* * *
когда хрущевки не сносили
мы жили все-таки в россии
пекли блины смолили лыжи
пришли курчавый мутный рыжий
трехпалый меченый хромой
и обозвали нас тюрьмой
винтажки те пятиэтажки
ни твой стеклопакет ни стяжки
в два пальца щели холод свист
но был январь как белый лист
на лестницах курили скрипка
еще была твоя улыбка
весна давали детям кальций
и телефон крутили пальцем
С балкона
Как это хорошо и плохо –
повиснуть взглядом и смотреть
в былую школьную эпоху,
где сам живешь почти на треть:
маршрутки, девятиэтажки,
вьетнамки, лыжи, рюкзаки,
часы Полет.

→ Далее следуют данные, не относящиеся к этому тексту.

Lemma strict_partition_gap l i j : strict_partition l -> i <= j -> j < size l ->
  nth 0 l j + (j - i) <= nth 0 l i.
Proof.
move=> /andP [decr _]; elim: j => [|j IH] ij j_lt.
  by move: ij; rewrite leqn0 => /eqP ->; rewrite addn0.
case: (ltngtP i j.+1) => [ij'|ji|->]; [|lia|by rewrite subnn addn0].
have := IH (ltnSE ij') (ltnW j_lt).
have := (sortedP 0 decr) j j_lt; lia.
Qed.

Lemma strict_partition_nth_gt0 l i : strict_partition l -> i < size l -> 0 < nth 0 l i.
Proof. by move=> /andP [_ /(all_nthP 0) pos] /pos. Qed.

Section InitialTableau.

Variables (nu mu : seq nat) (T : cell -> letter).
Hypotheses (nu_strict : strict_partition nu) (mu_strict : strict_partition mu).
Hypothesis T_ss : semistandard nu mu T.

Lemma skew_corner a b a' b' : skew nu mu (a, b) -> skew nu mu (a', b') ->
  a <= a' -> b <= b' -> skew nu mu (a, b').
Proof.
rewrite /skew /in_shape /= => /andP [/and4P [a0 a_nu ab b_nu] not_mu].
move=> /andP [/and4P [a'0 a'_nu a'b' b'_nu] _] aa' bb'.
apply/andP; split.
  apply/and4P; split=> //; first lia.
  by have := strict_partition_gap nu_strict (i := a.-1) (j := a'.-1); lia.
by apply: contra not_mu => /and4P [? ? ? ?]; apply/and4P; split=> //; lia.
Qed.

Lemma skew_diag a b a' b' : skew nu mu (a, b) -> skew nu mu (a', b') ->
  b < a' -> skew nu mu (b, b).
Proof.
rewrite /skew /in_shape /= => /andP [/and4P [a0 a_nu ab b_nu] not_mu].
move=> /andP [/and4P [a'0 a'_nu a'b' b'_nu] _] ba'.
apply/andP; split.
  apply/and4P; split=> //; try lia.
  by have := strict_partition_nth_gt0 nu_strict (i := b.-1); lia.
apply: contra not_mu => /and4P [? ? _ ?]; apply/and4P; split=> //; try lia.
by have := strict_partition_gap mu_strict (i := a.-1) (j := b.-1); lia.
Qed.

Lemma semistandard_row_le i j j' : skew nu mu (i, j) -> skew nu mu (i, j') ->
  j <= j' -> leL (T (i, j)) (T (i, j')).
Proof.
have [_ [row _]] := T_ss.
move=> ij ij'; rewrite leq_eqVlt => /orP [/eqP <- | /(row _ _ _ ij ij') //].
exact: leqnn.
Qed.

Lemma semistandard_col_le i i' j : skew nu mu (i, j) -> skew nu mu (i', j) ->
  i <= i' -> leL (T (i, j)) (T (i', j)).
Proof.
have [_ [_ [col _]]] := T_ss.
move=> ij i'j; rewrite leq_eqVlt => /orP [/eqP <- | /(col _ _ _ ij i'j) //].
exact: leqnn.
Qed.

Lemma semistandard_se_le c p : skew nu mu c -> skew nu mu p -> se c p ->
  [/\ leL (T c) (T p), T c = T p -> lhigh (T c) -> p.1 = c.1
    & T c = T p -> ~~ lhigh (T c) -> p.2 = c.2].
Proof.
case: c p => a b [a' b'] c_sk p_sk [/= aa' bb'].
have [_ [_ [_ [_ [col_high row_low]]]]] := T_ss.
have q_sk := skew_corner c_sk p_sk aa' bb'.
have le1 := semistandard_row_le c_sk q_sk bb'.
have le2 := semistandard_col_le q_sk p_sk aa'.
split=> [|E xh|E xl]; first exact: leq_trans le1 le2.
- have Eq : T (a, b') = T (a', b') by apply: leL_anti le2 _; rewrite -E.
  case: (ltngtP a a') aa' => [lt|//|->//] _.
  by have := col_high _ _ _ q_sk p_sk ltac:(lia) Eq; rewrite Eq -E xh.
- have Eq : T (a, b) = T (a, b') by apply: leL_anti le1 _; rewrite E.
  case: (ltngtP b b') bb' => [lt|//|->//] _.
  by have := row_low _ _ _ c_sk q_sk ltac:(lia) Eq; rewrite (negbTE xl).
Qed.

У рыжей Машки
на кухне свечек огоньки.
У Златопольского Антоши
Стена и за полночь народ.
А был действительно хороший
и послешкольный эпизод
с палаткой в августе на Истре.
Светила на воде дрожат,
ночной был воздух теплым, чистым,
а мутная вода свежа.
Мы Яву явскую курили
одни на темном берегу.
Глотали водку, говорили.
О чем – я вспомнить не могу.
Дым, августа пассионарность,
щемящий на сердце сквозняк.
Светила с неба благодарность.
За что светила? – Просто так.
Потом помялись на вокзале,
Михал мороженое взял.
Мы урну пять минут искали –
нет урны ни одной. Вокзал.
В Европе потому и чисто –
есть урны, можно не сорить.
Выпускники и медалисты –
хотелось нам поговорить.
Как убирают в самом деле
в Cоюзе? – Макс спросил хитро.
Несли (сорить мы не хотели)
обёртку до дверей метро
и бросили на мрамор черный,
но в спину услыхали “ять!”
уборщицы из-за колонны.
Пришлось вернуться и поднять.
* * *
По набережной девочки в наколках
на роликах скользят полуодеты.
Плюс 26, и рыбаки подолгу,
уставясь в ил, мельканье видят где-то.
Вот вскинул удочку один: как ни старался,
ни проводил — но хариус сорвался.
Куда как нам, заезжим ротозеям,
на Енисей под синевой незимней.
Вокзал в лесах, плавучего музея
«Вся власть советам!» (на старорежимном).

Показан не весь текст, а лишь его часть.